3.接通电，打开电源开关及搅拌开关，此时主加热器开始工作，仪器处于升温加热状态。

同时，风扇也处于工作状态。

4.根据试验的要求，可通过温控仪上的温度设定按钮和调节电位器来选择所需要的控温温度。

5.打开辅助加热开关，加快升温速度。

当显示温度低于设定温度的3-5℃时，即关闭辅助加热开关。

6.当温度到达设定温度时，控温仪便自动控制温度。

7.温度恒定以后，将大约60ml润滑脂试样放入清洁的试管的底部，使润滑脂高度大约到80mm。

小心地轻拍试管使润滑脂装入到试管内。

把顶部弄成一个比较平的表面。

用不锈钢镊子将已清洁的铜片插入润滑脂内直至铜片碰到管底，铜片是完全浸没并最少要覆盖有5mm的润滑脂，并塞上有孔的软木塞；将试管放入100±1℃恒温浴中，恒温浴中的介质必须高于试管中的样品，保持此状态24小时。

8.试验结束后，应关闭电源。

润滑脂液压油检测成分分析配方分析还原纯度分析润滑脂稠厚的油脂状半固体。

用于机械的摩擦部分，起润滑和密封作用。

也用于金属表面，起填充空隙和防锈作用。

主要由矿物油（或合成润滑油）和稠化剂调制而成。

润滑脂主要是由稠化剂、基础油、添加剂三部分组成。

一般润滑脂中稠化剂含量约为10%-20%，基础油含量约为75%-90%，添加剂及填料的含量在5%以下。

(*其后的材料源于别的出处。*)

Lemma univarX j : univar 'X_j = if j == k then 'X else ('X_j)%:P.
Proof. by rewrite /univar /= mmapX mmap1U. Qed.

Lemma msubst0C c : msubst0 c%:MP = c%:MP.
Proof. by rewrite /msubst0 /= univarC /horner_eval hornerC. Qed.

Lemma msubst0X j : msubst0 'X_j = if j == k then 0 else 'X_j.
Proof. by rewrite /msubst0 /= univarX /horner_eval; case: eqP; rewrite ?hornerX ?hornerC. Qed.

Lemma univarK p : (univar p).['X_k] = p.
Proof.
pose f : {rmorphism MP -> MP} := (horner_eval 'X_k \o univar)%FUN.
have f_id : f =1 idfun.
  apply: mpoly_rmorph_ext => [c|i]; rewrite /= /horner_eval.
    by rewrite univarC hornerC.
  by rewrite univarX; case: eqP => [->|_]; rewrite ?hornerX ?hornerC.
exact: f_id p.
Qed.

Lemma univar_msubst0 p : univar (msubst0 p) = (msubst0 p)%:P.
Proof.
pose f : {rmorphism MP -> {poly MP}} := (univar \o msubst0)%FUN.
pose g : {rmorphism MP -> {poly MP}} := (polyC \o msubst0)%FUN.
have fg : f =1 g.
  apply: mpoly_rmorph_ext => [c|i].
    change (univar (msubst0 c%:MP) = (msubst0 c%:MP)%:P).
    by rewrite msubst0C univarC.
  change (univar (msubst0 'X_i) = (msubst0 'X_i)%:P).
  by rewrite msubst0X; case: eqP => [_|/eqP ne]; rewrite ?rmorph0 // univarX (negbTE ne).
exact: fg p.
Qed.

Lemma msubst0_prod_1X (r : seq 'I_n) (P : pred 'I_n) :
  {in r, forall j, P j -> j != k} ->
  msubst0 (\prod_(j <- r | P j) (1 + 'X_j)) = \prod_(j <- r | P j) (1 + 'X_j).
Proof.
move=> r_k; rewrite rmorph_prod big_seq_cond [RHS]big_seq_cond.
apply: eq_bigr => j /andP[jr Pj].
by rewrite rmorphD rmorph1 msubst0X (negbTE (r_k j jr Pj)).
Qed.

Lemma msubst0_1X : msubst0 (1 + 'X_k) = 1.
Proof. by rewrite rmorphD rmorph1 msubst0X eqxx addr0. Qed.

End VariableElimination.

Arguments univar {n R} k.
Arguments msubst0 {n R} k.

Lemma msubst0_factor (n : nat) (R : idomainType) (k : 'I_n) (d e : {mpoly R[n]}) :
  d * e != 0 -> msubst0 k (d * e) = d * e -> msubst0 k d = d.
Proof.
move=> de_neq0 de_fixed.
have univar_de : univar k d * univar k e = (d * e)%:P.
  by rewrite -rmorphM -[in LHS]de_fixed univar_msubst0 de_fixed.
have /size1_polyC univar_d : (size (univar k d) <= 1)%N.
  have : size (univar k d * univar k e) == 1%N.
    by rewrite univar_de size_polyC de_neq0.
  by rewrite size_mul_eq1 => /andP[/eqP sz _]; apply: eq_leq.
change ((univar k d).[0] = d).
by rewrite -{2}(univarK k d) univar_d !hornerC.
Qed.

Section Monomials.
Variable n : nat.
Implicit Types m : 'X_{1..n}.

Lemma mnm_neq0_ex m : m != 0%MM -> exists i, m i != 0%N.
Proof.
move=> m_neq0; apply/existsP; apply: contraNT m_neq0 => /existsPn m0.
by apply/eqP/mnmP => i; rewrite mnm0E; apply/eqP/negbNE.
Qed.

Lemma lexlt_asym m1 m2 : lexlt m1 m2 -> ~~ lexlt m2 m1.
Proof.
move=> /existsP[i /andP[lt1 /forallP eq1]]; apply/negP => /existsP[j /andP[lt2 /forallP eq2]].
case: (ltngtP i j) => [ij|ji|/val_inj ij].
- by move: (eq2 i); rewrite ij => /eqP eq_i; rewrite eq_i ltnn in lt1.
- by move: (eq1 j); rewrite ji => /eqP eq_j; rewrite eq_j ltnn in lt2.
- by subst j; move: (ltn_trans lt1 lt2); rewrite ltnn.
Qed.

Lemma lexlt_addr m m' : m' != 0%MM -> lexlt m (m + m')%MM.
Proof.
case/mnm_neq0_ex=> i0 m'i0.
case: (@arg_minnP _ i0 (fun j => m' j != 0%N) (@nat_of_ord n) m'i0) => i m'i i_min.
apply/existsP; exists i; rewrite mnmDE -{1}[m i]addn0 ltn_add2l lt0n m'i /=.
apply/forallP => j; apply/implyP => ji; rewrite mnmDE.
have [->|m'j] := eqVneq (m' j) 0%N; first by rewrite addn0.
by move: (i_min j m'j); rewrite leqNgt ji.
Qed.

Lemma lexmin_mem m0 s : lexmin m0 s \in m0 :: s.
Proof.
elim: s => [|m s IH] /=; first exact: mem_head.
case: ifP => _; rewrite !inE ?eqxx ?orbT //.
by move: IH; rewrite inE => /orP[]->; rewrite ?orbT.
Qed.

Lemma lexmin_eq m0 s m :
  m \in m0 :: s -> {in m0 :: s, forall m', m' != m -> lexlt m m'} -> lexmin m0 s = m.
Proof.
elim: s => [|m1 s IH] /= m_in m_min; first by move: m_in; rewrite inE => /eqP.
have sub_s : {subset m0 :: s <= m0 :: m1 :: s}.
  by move=> m'; rewrite !inE => /orP[]->; rewrite ?orbT.
have [m_in_s|m_notin_s] := boolP (m \in m0 :: s).
  rewrite IH //; last by move=> m' /sub_s; apply: m_min.
  case: ifP => // lt_m1; have [//|m1_neq] := eqVneq m1 m.
  by move: (lexlt_asym lt_m1); rewrite m_min // !inE eqxx orbT.
have m1_eq : m1 = m.
  by move: m_in m_notin_s; rewrite !inE => /or3P[->|/eqP->|->] //; rewrite orbT.
subst m1; have min_neq : lexmin m0 s != m.
  by apply: contraNneq m_notin_s => <-; exact: lexmin_mem.
by rewrite m_min ?min_neq // sub_s ?lexmin_mem.
Qed.

Lemma lexmin_msuppMX (R : nzRingType) (p : {mpoly R[n]}) m :
  p@_0 != 0 ->
  lexmin (head 0%MM (msupp (p * 'X_[m]))) (msupp (p * 'X_[m])) = m.
Proof.
move=> p0_neq0; set s := msupp _.
have m_in : m \in s by rewrite mcoeff_msupp -[m in _@_m]addm0 mcoeffMX.
have hd_in : head 0%MM s \in s by move: m_in; case: (s) => //= ? ? _; exact: mem_head.
have m_min m' : m' \in s -> m' != m -> lexlt m m'.
  rewrite (perm_mem (msuppMX p m)) => /mapP[m'' _ ->] m'_neq.
  by apply: lexlt_addr; apply: contraNneq m'_neq => ->; rewrite addm0.
apply: lexmin_eq => [|m']; first by rewrite inE m_in orbT.
by rewrite inE => /orP[/eqP->|]; apply: m_min.
Qed.

Lemma meval0_mcoeff0 (R : comNzRingType) (p : {mpoly R[n]}) : p.@[fun _ => 0] = p@_0.
Proof.
have -> : p@_0 = (\sum_(m <- msupp p) p@_m *: 'X_[m])@_0 by rewrite -mpolyE.
rewrite mevalE raddf_sum; apply: eq_bigr => m _ /=; rewrite mcoeffZ mcoeffX; congr (_ * _).
have [->|/mnm_neq0_ex[i mi_neq0]] := eqVneq m 0%MM.
  by rewrite big1 // => i _; rewrite mnm0E expr0.
by rewrite (bigD1 i) //= expr0n (negbTE mi_neq0) mul0r.
Qed.

End Monomials.

Definition mnm_of_set n (S : {set 'I_n}) : 'X_{1..n} := [multinom (i \in S : nat) | i < n].

Section BooleanIdeal.
Variables (n : nat) (R : comNzRingType).
Notation MP := {mpoly R[n]}.

Definition boolean_ideal (p : MP) : Prop :=
  exists c : 'I_n -> MP, p = \sum_(i < n) c i * ('X_i ^+ 2 - 'X_i).

Lemma boolean_ideal0 : boolean_ideal 0.
Proof. by exists (fun _ => 0); rewrite big1 // => i _; rewrite mul0r. Qed.

Lemma boolean_idealD p q : boolean_ideal p -> boolean_ideal q -> boolean_ideal (p + q).
Proof.
move=> [c ->] [c' ->]; exists (fun i => c i + c' i).
by rewrite -big_split; apply: eq_bigr => i _; rewrite mulrDl.
Qed.

Lemma boolean_idealMl q p : boolean_ideal p -> boolean_ideal (q * p).
Proof.
move=> [c ->]; exists (fun i => q * c i).
by rewrite mulr_sumr; apply: eq_bigr => i _; rewrite mulrA.
Qed.

Lemma boolean_idealMr q p : boolean_ideal p -> boolean_ideal (p * q).
Proof. by rewrite mulrC; apply: boolean_idealMl. Qed.

Lemma boolean_ideal_idem i : boolean_ideal ('X_i ^+ 2 - 'X_i).
Proof.
exists (fun j => (j == i)%:R); rewrite (bigD1 i) //= eqxx mul1r big1 ?addr0 //.
by move=> j /negbTE ->; rewrite mul0r.
Qed.

Lemma boolean_ideal_prodB (f g : 'I_n -> MP) :
  (forall i, boolean_ideal (f i - g i)) ->
  boolean_ideal (\prod_(i < n) f i - \prod_(i < n) g i).
Proof.
move=> fg; apply: (big_rec2 (fun p q => boolean_ideal (p - q))).
  by rewrite subrr; exact: boolean_ideal0.
move=> i p q _ pq.
have -> : f i * p - g i * q = (f i - g i) * p + g i * (p - q).
  by rewrite mulrBl mulrBr addrA subrK.
by apply: boolean_idealD; [apply: boolean_idealMr | apply: boolean_idealMl].
Qed.

Lemma mpolyX_mnm_of_set S : 'X_[mnm_of_set S] = \prod_(i < n) 'X_i ^+ (i \in S) :> MP.
Proof. by rewrite mpolyXE_id; apply: eq_bigr => i _; rewrite mnmE. Qed.

(* [Y^(A ∪ B)] and [Y^A Y^B] differ only by [Y_i] versus [Y_i^2] for [i] in [A ∩ B]. *)
Lemma boolean_ideal_mnm_of_setU A B :
  boolean_ideal ('X_[mnm_of_set (A :|: B)] - 'X_[mnm_of_set A] * 'X_[mnm_of_set B]).
Proof.
rewrite !mpolyX_mnm_of_set -big_split /=; apply: boolean_ideal_prodB => i.
rewrite inE; case: (i \in A); case: (i \in B);
  rewrite /= ?expr0 ?expr1 ?mulr1 ?mul1r ?subrr; try exact: boolean_ideal0.
by rewrite -expr2 -opprB -mulN1r; apply: boolean_idealMl; exact: boolean_ideal_idem.
Qed.

End BooleanIdeal.

Lemma F2_neq0_eq1 (x : F2) : x != 0 -> x = 1.
Proof. by case: x => [[|[|]]] //= ? ?; apply/val_inj. Qed.

Section XiPolynomials.
Variable n : nat.
Notation P := (BPoly n).
Implicit Types (S A B : {set 'I_n}) (k : 'I_n).

Lemma mpolyF2_unit (u : P) : u \is a GRing.unit -> u = 1.
Proof.
move=> u_unit; have /andP[/eqP u_eq u0_unit] : u \in @mpoly_unit n F2 := u_unit.
by rewrite u_eq (F2_neq0_eq1 (x := u@_0)) ?mpolyC1 // -unitfE.
Qed.

Lemma is_gcd_unique (g g' a b : P) : g != 0 -> is_gcd g a b -> is_gcd g' a b -> g' = g.
Proof.
move=> g_neq0 [ga gb g_max] [g'a g'b g'_max].
have [u g'_gu] := g'_max g ga gb; have [v g_g'v] := g_max g' g'a g'b.
have /(mulfI g_neq0) uv1 : g * (u * v) = g * 1 by rewrite mulr1 mulrA -g'_gu -g_g'v.
by rewrite g'_gu (@mpolyF2_unit u) ?mulr1 //; apply/unitrPr; exists v.
Qed.

Definition xi_quot (S : {set 'I_n}) : P := \prod_(i < n | i \notin S) (1 + 'X_i).

Lemma xiE S : xi S = xi_quot S * 'X_[mnm_of_set S].
Proof.
have F2_char2 : 1 + 1 = 0 :> P by rewrite -mpolyC1 -mpolyCD; congr _%:MP; apply/val_inj.
rewrite mpolyX_mnm_of_set /xi (bigID (mem S)) /= mulrC; congr (_ * _).
  by apply: eq_bigr => i /negbTE iNS; rewrite /phi iNS mpolyC0 addr0.
rewrite [RHS](bigID (mem S)) /= [X in _ = _ * X]big1 ?mulr1 => [|i /negbTE ->]; last first.
  by rewrite expr0.
by apply: eq_bigr => i iS; rewrite /phi iS /= expr1 mpolyC1 addrAC F2_char2 add0r.
Qed.

Lemma mcoeff0_xi_quot S : (xi_quot S)@_0 = 1.
Proof.
rewrite -meval0_mcoeff0 rmorph_prod big1 // => i _ /=.
by rewrite rmorphD /= mevalXU meval1 addr0.
Qed.

Lemma xi_quot_neq0 S : xi_quot S != 0.
Proof.
by apply: contra_neq (oner_neq0 F2) => xi0; rewrite -(mcoeff0_xi_quot S) xi0 mcoeff0.
Qed.

Lemma TMmon_xi S : TMmon (xi S) = mnm_of_set S.
Proof. by rewrite /TMmon xiE lexmin_msuppMX // mcoeff0_xi_quot oner_neq0. Qed.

性能特点：优异的高温性能及氧化安定性能，防止润滑脂高温变质，保证润滑部位高温长期正常工作；优异的粘附性能、良好的机械安定性和胶体安定性，保证在润滑部位而不会流失；良好的润滑性，保护轴承减少磨损；优异的综合性能，保证轴承较长的使用寿命。

8.21根据稠化剂可分为皂基脂和非皂基脂两类。

皂基脂的稠化剂常用锂、钠、钙、铝、锌等金属皂，也用钾、钡、铅、锰等金属皂。

非皂基脂的稠化剂用石墨、炭黑、石棉还有合成的（如聚脲基、膨润土），根据用途可分为通用润滑脂和专用润滑脂两种，前者用于一般机械零件，后者用于拖拉机、铁道机车、船舶机械、石油钻井机械、阀门等。

主要质量指标是滴点、针入度、灰分和水分等。

用来评价润滑脂胶体稳定性的指标为分油试验、滚动轴承性能试验等。

科标化工分析检测润滑脂检测标准如下：GB15179-1994食品机械润滑脂GB/T23800-2009有机热载体热稳定性测定法GB/T269-1991润滑脂和石油脂锥入度测定法GB/T3498-2008润滑脂宽温度范围滴点测定法GB/T392-1977润滑脂压力分油测定法GB/T491-2008钙基润滑脂GB/T4929-1985润滑脂滴点测定法GB/T5018-2008润滑脂防腐蚀性试验法GB/T512-1965润滑脂水分测定法GB/T513-1977润滑脂机械杂质测定法(酸分解法)GB/T5671-1995汽车通用锂基润滑脂GB/T7323-2008极压锂基润滑脂GB/T7324-2010通用锂基润滑脂GB/T7325-1987润滑脂和润滑油蒸发损失测定法GB/T7326-1987润滑脂铜片腐蚀试验法GB7631.8-1990润滑剂和有关产品(L类)的分类第8部分:X组(润滑脂)JB/T5489-1991光学仪器用润滑脂NB/SH/T0324-2010润滑脂分油的测定锥网法NB/SH/T0823-2010润滑脂在稀释合成海水中防腐蚀性试验法NB/SH/T0839-2010汽车轮毂轴承润滑脂低温转矩测定法定法NB/SH/T0850-2010精密机械和光学仪器润滑脂流散性测定法NB/SH/T0851-2010精密机械和光学仪器用润滑脂服务范围：成分分析、物理性能、配方分析、成分鉴定、含量分析、纯度分析等。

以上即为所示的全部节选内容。